Заканчивая тему КАИ-14, скажем, что на очередном мировом первенстве, проходившем в Лондоне, наши спортсмены, выступая на нем, стали чемпионами.

Все, кто работал, дружил или, наоборот, конфликтовал с Симоновым, единодушно отмечали, что слово у их друга (недруга) не расходится с делом и следовало за ним немедленно. И вовсе не потому, что действует он импульсивно, под настроение, сгоряча. Вовсе нет!

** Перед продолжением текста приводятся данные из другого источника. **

(* Let $\vartheta=\vartheta_{\{a,b,c\}}^{\mathcal B,h}$ be a $3$-molecule with base $\{a,b,c\}$ and further vertices $v_1,\dots,v_h$, and let $C_3$ be the $3$-cycle on vertices $\{a,v_1,z\}$, where $z$ is a new vertex. Let $G=C_3+_{av_1}\vartheta$ be the $2$-sum of $C_3$ and $\vartheta$ along the edge $av_1$ (present in both). If $\{a,v_1\}$ is not contained in any minimal edge cover set of $\vartheta$, then $\mathrm{Ent}(G)\ge4$.
   Context: Graphs are finite and undirected; connectivity of a graph is the largest $k$ such that one must remove at least $k$ vertices to disconnect it (by convention $K_m$, $m\ge3$, has connectivity $m-1$). $3$-molecule: for $h\ge1$, base $\{a,b,c\}$ and a set $\mathcal B$ of edges among $a,b,c$, $\vartheta_{\{a,b,c\}}^{\mathcal B,h}$ has vertex set $\{a,b,c,v_1,\dots,v_h\}$ and edge set $\mathcal B\cup\{v_ix:1\le i\le h,\ x\in\{a,b,c\}\}$, with the requirement $h\ge 3-k'$, $k'$ the connectivity of the subgraph induced by $\{a,b,c\}$. $2$-sum: for graphs $G_1,G_2$ and edges $e_1=a_1b_1\in E_{G_1}$, $e_2=a_2b_2\in E_{G_2}$, $G_1+_{e_1e_2}G_2$ is obtained from the disjoint union by identifying $a_1$ with $a_2$ and $b_1$ with $b_2$ and deleting $e_1$ and $e_2$ (here the edge $av_1$ of $C_3$ is identified with the edge $av_1$ of $\vartheta$). An edge cover set is a set of vertices containing an endpoint of every edge; a minimal edge cover set means one of minimum cardinality (for a $3$-molecule this cardinality is $3$). Entanglement: in the game $\mathrm{Ent}(G,k)$ Thief plays against $k$ cops. Initially no cop is placed and Thief picks a vertex. Each round, Cops may do nothing, place a new cop (at most $k$ in total) on Thief's current vertex, or move a placed cop to Thief's current vertex; then Thief must move along an edge to an adjacent vertex not occupied by a cop, and is caught if he cannot. Infinite plays are won by Thief. $\mathrm{Ent}(G)$ is the least $k$ for which Cops have a winning strategy. *)

From mathcomp Require Import all_boot.
Set Implicit Arguments. Unset Strict Implicit. Unset Printing Implicit Defensive.

Section Graphs.
Variable T : finType.

Definition induced_connected (e : rel T) (U : {set T}) : bool :=
  [forall x in U, forall y in U,
     connect [rel u v | [&& e u v, u \in U & v \in U]] x y].

(* removing S disconnects the graph, or leaves at most one vertex
   (this gives K_m connectivity m-1, and 0 for disconnected graphs) *)
Definition is_cut (e : rel T) (S : {set T}) : bool :=
  (#|~: S| <= 1) || ~~ induced_connected e (~: S).

Definition connectivity (e : rel T) : nat :=
  \big[minn/#|T|]_(S : {set T} | is_cut e S) #|S|.

Definition edge_cover (e : rel T) (S : {set T}) : bool :=
  [forall x, forall y, e x y ==> (x \in S) || (y \in S)].

(* minimal edge cover set = edge cover set of minimum cardinality *)
Definition min_edge_cover (e : rel T) (S : {set T}) : bool :=
  edge_cover e S && [forall S' : {set T}, edge_cover e S' ==> (#|S| <= #|S'|)].

Inductive cop_move := Stay | Place | MoveFrom of T.

Definition move_valid (k : nat) (C : {set T}) (m : cop_move) : bool :=
  match m with
  | Stay => true
  | Place => #|C| < k
  | MoveFrom u => u \in C
  end.

Definition apply_move (t : T) (C : {set T}) (m : cop_move) : {set T} :=
  match m with
  | Stay => C
  | Place => t |: C
  | MoveFrom u => t |: (C :\ u)
  end.

(* Cops strategy: depends on the history t_0 ... t_n of Thief positions
   (the rest of the history is determined by the strategy itself) *)
Definition strategy := seq T -> cop_move.

Definition hist (t : nat -> T) (n : nat) : seq T := mkseq t n.+1.

Fixpoint cops (s : strategy) (t : nat -> T) (n : nat) : {set T} :=
  match n with
  | 0 => set0
  | n'.+1 => apply_move (t n') (cops s t n') (s (hist t n'))
  end.

Definition thief_legal (e : rel T) (s : strategy) (t : nat -> T) (n : nat) :=
  e (t n) (t n.+1) && (t n.+1 \notin cops s t n.+1).

Definition legal_upto (e : rel T) (s : strategy) (t : nat -> T) (n : nat) :=
  forall i, i < n -> thief_legal e s t i.

Definition winning_strategy (e : rel T) (k : nat) (s : strategy) : Prop :=
  (forall (t : nat -> T) (n : nat), legal_upto e s t n ->
      move_valid k (cops s t n) (s (hist t n)))
  /\ ~ (exists t : nat -> T, forall n, thief_legal e s t n).

Definition cops_win (e : rel T) (k : nat) : Prop :=
  exists s : strategy, winning_strategy e k s.

End Graphs.

(* vertices: inl 0 = a, inl 1 = b, inl 2 = c, inr i = v_(i+1) *)
Notation mol_vert h := ('I_3 + 'I_h)%type.

Definition mol_rel (B : rel 'I_3) (h : nat) : rel (mol_vert h) :=
  fun x y => match x, y with
  | inl i, inl j => B i j
  | inl _, inr _ => true
  | inr _, inl _ => true
  | inr _, inr _ => false
  end.
Arguments mol_rel B h : clear implicits.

Вот как характеризовал его заместитель министра авиационной промышленности Владимир Тимофеевич Иванов: «В те далекие времена мы ничего еще не знали о компьютерах и никому в голову не приходило сравнить мозг Михаила Петровича с очень мощным компьютером: он обрабатывал информацию практически мгновенно, столь же быстро просчитывал варианты и последствия и принимал решения практически мгновенно. И поэтому практически всегда имел фору, что в критических ситуациях имело большое значение».

Владимир Тимофеевич так отзывался о своем коллеге в те времена, когда и сам Симонов был в ранге замминистра, и о его, Симонова, решении начать учиться летному делу он, вероятно, и не слышал.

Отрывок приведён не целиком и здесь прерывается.